▸ Work to complete: From the entries that follow, report every line in which "leRHS" occurs.

▸ Data section:
Lemma dot_gradT p q x : on_sphere x ->
  dot (gradT p x) (gradT q x) = dot (grad p x) (grad q x) - dot x (grad p x) * dot x (grad q x).
Proof.
rewrite /on_sphere => x1.
transitivity (dot (grad p x) (grad q x) - dot x (grad p x) * dot x (grad q x)
  + dot x (grad p x) * dot x (grad q x) * (dot x x - 1)).
  by rewrite /gradT /dot !big_ord_recl !big_ord0; ring.
by rewrite x1 subrr mulr0 addr0.
Qed.

Lemma ev_tgrad_dot v w x : on_sphere x -> ev (tgrad_dot v w) x = gradT_dot v w x.
Proof.
move=> x1; rewrite ev_sum; apply: eq_bigr => i _.
by rewrite /ev mevalB mevalM -!/(ev _ x) ev_mgrad_dot !ev_meuler dot_gradT.
Qed.

Lemma ev_vdot_Apoly v w x : ev (vdot v (Apoly w)) x = dot (evv v x) (Aop w x).
Proof. by rewrite ev_vdot; congr dot; apply/funext => l; rewrite /evv ev_Apoly. Qed.

Lemma QV3E v w : QV3 v w = 3 / 2 * (sph_int (vdot v (Apoly w)) / sph_int 1).
Proof.
by rewrite /QV3 (@Av_sph_int _ (vdot v (Apoly w))) // => x _; rewrite ev_vdot_Apoly.
Qed.

Lemma Av_gradT_dot v w : Av (gradT_dot v w) = sph_int (tgrad_dot v w) / sph_int 1.
Proof. by apply: Av_sph_int => x x1; rewrite ev_tgrad_dot. Qed.

Lemma Q3E v w : Q3 v w = 3 / 4 * (sph_int (tgrad_dot v w) / sph_int 1) - QV3 v w.
Proof. by rewrite /Q3 Av_gradT_dot. Qed.

Lemma W12E v w : W12 v w = (sph_int (vdot v w) + sph_int (tgrad_dot v w)) / sph_int 1.
Proof.
rewrite /W12 Av_gradT_dot (@Av_sph_int _ (vdot v w)) ?mulrDl // => x _.
by rewrite ev_vdot.
Qed.
(* Let $0<\Delta\le1$ and $T=\frac{\lambda_1}{\Delta}\ln\frac{1}{\Delta}$. There exist constants $C_0,C_1>0$, independent of $P$ and $\Delta$, such that for all $P>0$ the quantizer $q_r$ with these parameters satisfies $$\mathbb{E}[r_{\rm loss}]\le\log_2(1+C_0P\Delta)\le C_1P\Delta.$$
   Context: $H_1,H_2$ are independent exponential random variables with means $\lambda_1\ge\lambda_2>0$ (density $e^{-x/\lambda_i}/\lambda_i$, $x>0$); $P>0$ is the total power. For $a\ge b\ge0$ with $a>0$ let $A(a,b)=\frac{2b}{\sqrt{(a+b)^2+4ab^2P}+a+b}$. Full-CSI maximum minimum rate: $r_{\max}=\log_2(1+PH_1A(H_1,H_2))$ if $H_1\ge H_2$ and $r_{\max}=\log_2(1+PH_2A(H_2,H_1))$ if $H_1<H_2$. Quantizer with parameters $\Delta>0$, $T\ge0$: $q_r(x)=\lfloor x/\Delta\rfloor\Delta$ for $x\le T\Delta$, $q_r(x)=T\Delta$ for $x>T\Delta$. Let $a_i=q_r(H_i)$; if $a_1\ge a_2$ let $(s,w)=(1,2)$, otherwise $(s,w)=(2,1)$. $\alpha_q=A(a_s,a_w)$ if $a_1,a_2>0$, else $\alpha_q=0$. Adapted rates: $r_{s,q}=\log_2(1+P\alpha_qa_s)$, $r_{w,q}=\log_2\big(1+\frac{Pa_w(1-\alpha_q)}{Pa_w\alpha_q+1}\big)$. Rate loss: $r_{\rm loss}=r_{\max}-\min\{r_{1,q},r_{2,q}\}$. *)

From mathcomp Require Import all_boot all_order all_algebra.
From mathcomp Require Import all_classical all_reals all_analysis.
Set Implicit Arguments. Unset Strict Implicit. Unset Printing Implicit Defensive.
Import Order.TTheory GRing.Theory Num.Theory.
Local Open Scope classical_set_scope.
Local Open Scope ring_scope.

Section Defs.
Variable R : realType.

Definition log2 (x : R) : R := ln x / ln 2.

Definition Afun (P a b : R) : R :=
  2 * b / (Num.sqrt ((a + b) ^+ 2 + 4 * a * b ^+ 2 * P) + a + b).

(* full-CSI maximum minimum rate *)
Definition rmax (P h1 h2 : R) : R :=
  if h2 <= h1 then log2 (1 + P * h1 * Afun P h1 h2)
  else log2 (1 + P * h2 * Afun P h2 h1).

Definition qr (Delta T x : R) : R :=
  if x <= T * Delta then (Num.floor (x / Delta))%:~R * Delta else T * Delta.

Definition rq_min (P Delta T h1 h2 : R) : R :=
  let a1 := qr Delta T h1 in
  let a2 := qr Delta T h2 in
  let as_ := if a2 <= a1 then a1 else a2 in
  let aw := if a2 <= a1 then a2 else a1 in
  let alpha := if (0 < a1) && (0 < a2) then Afun P as_ aw else 0 in
  let rs := log2 (1 + P * alpha * as_) in
  let rw := log2 (1 + P * aw * (1 - alpha) / (P * aw * alpha + 1)) in
  Num.min rs rw.

Definition rloss (P Delta T h1 h2 : R) : R :=
  rmax P h1 h2 - rq_min P Delta T h1 h2.

Definition expdens (l x : R) : R := expR (- x / l) / l.

(* expectation of f(H1,H2) for independent exponential H1, H2 with means
   l1, l2: integral against the product density on (0,+oo)^2 *)
Definition Eexp2 (l1 l2 : R) (f : R -> R -> R) : \bar R :=
  (\int[lebesgue_measure]_(x in `]0%R, +oo[)
     \int[lebesgue_measure]_(y in `]0%R, +oo[)
        (f x y * expdens l1 x * expdens l2 y)%:E)%E.

End Defs.

(* Both the full-CSI rate and the quantized min rate are [log2 (1 + y)] for
   the common SNR [y] of the max-min power split, the positive root of
   [y^2 min(a, b) + y (a + b) = P a b] for the (true or quantized) gains.
   Lowering the gains by [u] and [v] lowers this root by at most [P (u + v)],
   so the loss is at most [log2 (1 + P e)], where the quantization error [e]
   is at most [2 Delta] plus the overflows of [H1] and [H2] beyond [T Delta].
   As [e |-> log2 (1 + P e)] is concave it suffices that [E e <= C0 Delta],
   and each exponential overflow has mean at most
   [4 l exp (- T Delta / l) <= 4 l Delta] because [T Delta = l1 ln (1 / Delta)]. *)

From mathcomp Require Import all_boot all_order all_algebra.
From mathcomp Require Import all_classical all_reals all_analysis.
From mathcomp Require Import measurable_realfun ring lra.
Set Implicit Arguments. Unset Strict Implicit. Unset Printing Implicit Defensive.
Import Order.TTheory GRing.Theory Num.Theory.
Import numFieldTopology.Exports.
Local Open Scope classical_set_scope.
Local Open Scope ring_scope.

Section integral_majorant.
Context d (T : measurableType d) (R : realType).
Variable mu : {measure set T -> \bar R}.
Local Open Scope ereal_scope.

(* No measurability is needed: both sides are suprema over simple functions
   below [f^+] and [g]. *)
Lemma le_integral_nneg_majorant (D : set T) (f g : T -> \bar R) :
  (forall x, D x -> 0 <= g x) -> (forall x, D x -> f x <= g x) ->
  \int[mu]_(x in D) f x <= \int[mu]_(x in D) g x.
Proof.
move=> g0 fg; rewrite integralE.
apply: (@le_trans _ _ (\int[mu]_(x in D) f^\+ x)).
  rewrite -[leRHS]adde0 leeD // oppe_le0.
  by apply: integral_ge0 => x _; exact: funeneg_ge0.
have gD0 x : 0 <= (g \_ D) x by rewrite patchE; case: ifP => // /set_mem /g0.
have fD0 x : 0 <= (f^\+ \_ D) x.
  by rewrite patchE; case: ifP => // _; exact: funepos_ge0.
rewrite integral_mkcond [leRHS]integral_mkcond !ge0_integralTE //.
apply: ereal_sup_le => _ [h /= hf <-]; exists h => //= x.
apply: (le_trans (hf x)); rewrite !patchE; case: ifP => // /set_mem Dx.
by rewrite funeposE ge_max g0 // fg.
Qed.

End integral_majorant.

Section log2.
Variable R : realType.

Lemma ln2_gt0 : 0 < ln (2 : R).
Proof. by rewrite ln_gt0 // ltr1n. Qed.

Lemma ler_log2 (x y : R) : 0 < x -> x <= y -> log2 x <= log2 y.
Proof.
move=> x0 xy; rewrite /log2 ler_pM2r ?invr_gt0 ?ln2_gt0 //.
by rewrite ler_ln ?posrE // (lt_le_trans x0).
Qed.

Lemma log2_1D_sub_le (x y e : R) : 0 <= x -> 0 <= y -> 0 <= e -> x <= y + e ->
  log2 (1 + x) - log2 (1 + y) <= log2 (1 + e).
Proof.
move=> x0 y0 e0 xye.
rewrite /log2 -mulrBl ler_pM2r ?invr_gt0 ?ln2_gt0 //.
rewrite lerBlDr -lnM ?posrE ?ltr_wpDr //.
by rewrite ler_ln ?posrE ?mulr_gt0 ?ltr_wpDr //; nra.
Qed.

Lemma log2_1D_tangent (s t : R) : -1 < s -> -1 < t ->
  log2 (1 + t) <= log2 (1 + s) + (t - s) / ((1 + s) * ln 2).
Proof.
move=> s1 t1; have s0 : 0 < 1 + s by lra.
set w := (t - s) / (1 + s).
have w1 : -1 < w by rewrite /w ltr_pdivlMr //; lra.
have wE : 1 + w = (1 + t) / (1 + s) by rewrite /w; field; rewrite gt_eqF.
have := le_ln1Dx w1; rewrite wE lnM ?posrE ?invr_gt0 //; last by lra.
rewrite lnV ?posrE // => lnw.
rewrite /log2 invfM mulrA -/w -mulrDl ler_pM2r ?invr_gt0 ?ln2_gt0 //; lra.
Qed.

Lemma log2_1D_le (s : R) : -1 < s -> log2 (1 + s) <= s / ln 2.
Proof.
move=> s1; have := @log2_1D_tangent 0 s ltac:(lra) s1.
by rewrite addr0 /log2 ln1 mul0r add0r subr0 mul1r.
Qed.

Lemma log2_1D_ge (s : R) : -1 < s -> s / ((1 + s) * ln 2) <= log2 (1 + s).
Proof.
move=> s1; have := @log2_1D_tangent s 0 s1 ltac:(lra).
rewrite addr0 /log2 ln1 mul0r sub0r mulNr; lra.
Qed.

End log2.

Section exponential_tails.
Variable R : realType.
Local Notation mu := (@lebesgue_measure R).

Lemma expdensE (l x : R) : 0 <= x -> expdens l x = exponential_pdf l^-1 x.
Proof.
by move=> x0; rewrite /expdens exponential_pdfE // mulrC !mulNr [x * _]mulrC.
Qed.

Lemma expdens_ge0 (l x : R) : 0 < l -> 0 <= expdens l x.
Proof. by move=> l0; rewrite divr_ge0 ?expR_ge0 ?ltW. Qed.

Lemma measurable_expdens (D : set R) (l : R) : measurable_fun D (expdens l).
Proof.
apply: measurable_funM => //; apply: measurableT_comp => //.
exact: measurable_funM.
Qed.

Lemma measurable_tail_expdens (D : set R) (l c : R) :
  measurable_fun D (fun x => Num.max (x - c) 0 * expdens l x).
Proof.
apply: measurable_funM; last exact: measurable_expdens.
by apply: measurable_maxr => //; exact: measurable_funD.
Qed.

Lemma integral_exponential_pdf_itvcy (r c : R) : 0 < r -> 0 <= c ->
  (\int[mu]_(x in `[c, +oo[) (exponential_pdf r x)%:E = (expR (- r * c))%:E)%E.
Proof.
move=> r0 c0.
have cexpNM : continuous (fun z : R^o => expR (- r * z)).
  move=> z; apply: continuous_comp; last exact: continuous_expR.
  by apply: continuousM => //; apply: (@continuousN _ R^o); exact: cst_continuous.
rewrite (@ge0_continuous_FTC2y _ _ (fun x => - expR (- r * x)) _ 0) //.
- by rewrite EFinN sub0e oppeK.
- by move=> x _; apply: exponential_pdf_ge0; exact: ltW.
- apply: (@continuous_subspaceW R^o _ _ [set` `[0, +oo[%R]).
    by move=> x /=; rewrite !in_itv /= !andbT; exact: le_trans.
  exact: within_continuous_exponential_pdf.
- rewrite -oppr0; apply: cvgN.
  rewrite (_ : (fun x => expR (- r * x)) = (fun z => expR (- z)) \o ( *%R r)).
    apply: (@cvg_comp _ _ _ _ _ _ (pinfty_nbhs R)); last exact: cvgr_expR.
    exact: gt0_cvgMry.
  by apply: eq_fun => x; rewrite mulNr.
- by apply: cvgN; apply/cvg_at_right_filter; exact: cexpNM.
- move=> z; rewrite in_itv /= andbT => cz.
  by apply: derive1_exponential_pdf; rewrite in_itv /= andbT (le_lt_trans c0).
Qed.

▸ Answer for this exercise:
  rewrite -[leRHS]adde0 leeD // oppe_le0.
rewrite integral_mkcond [leRHS]integral_mkcond !ge0_integralTE //.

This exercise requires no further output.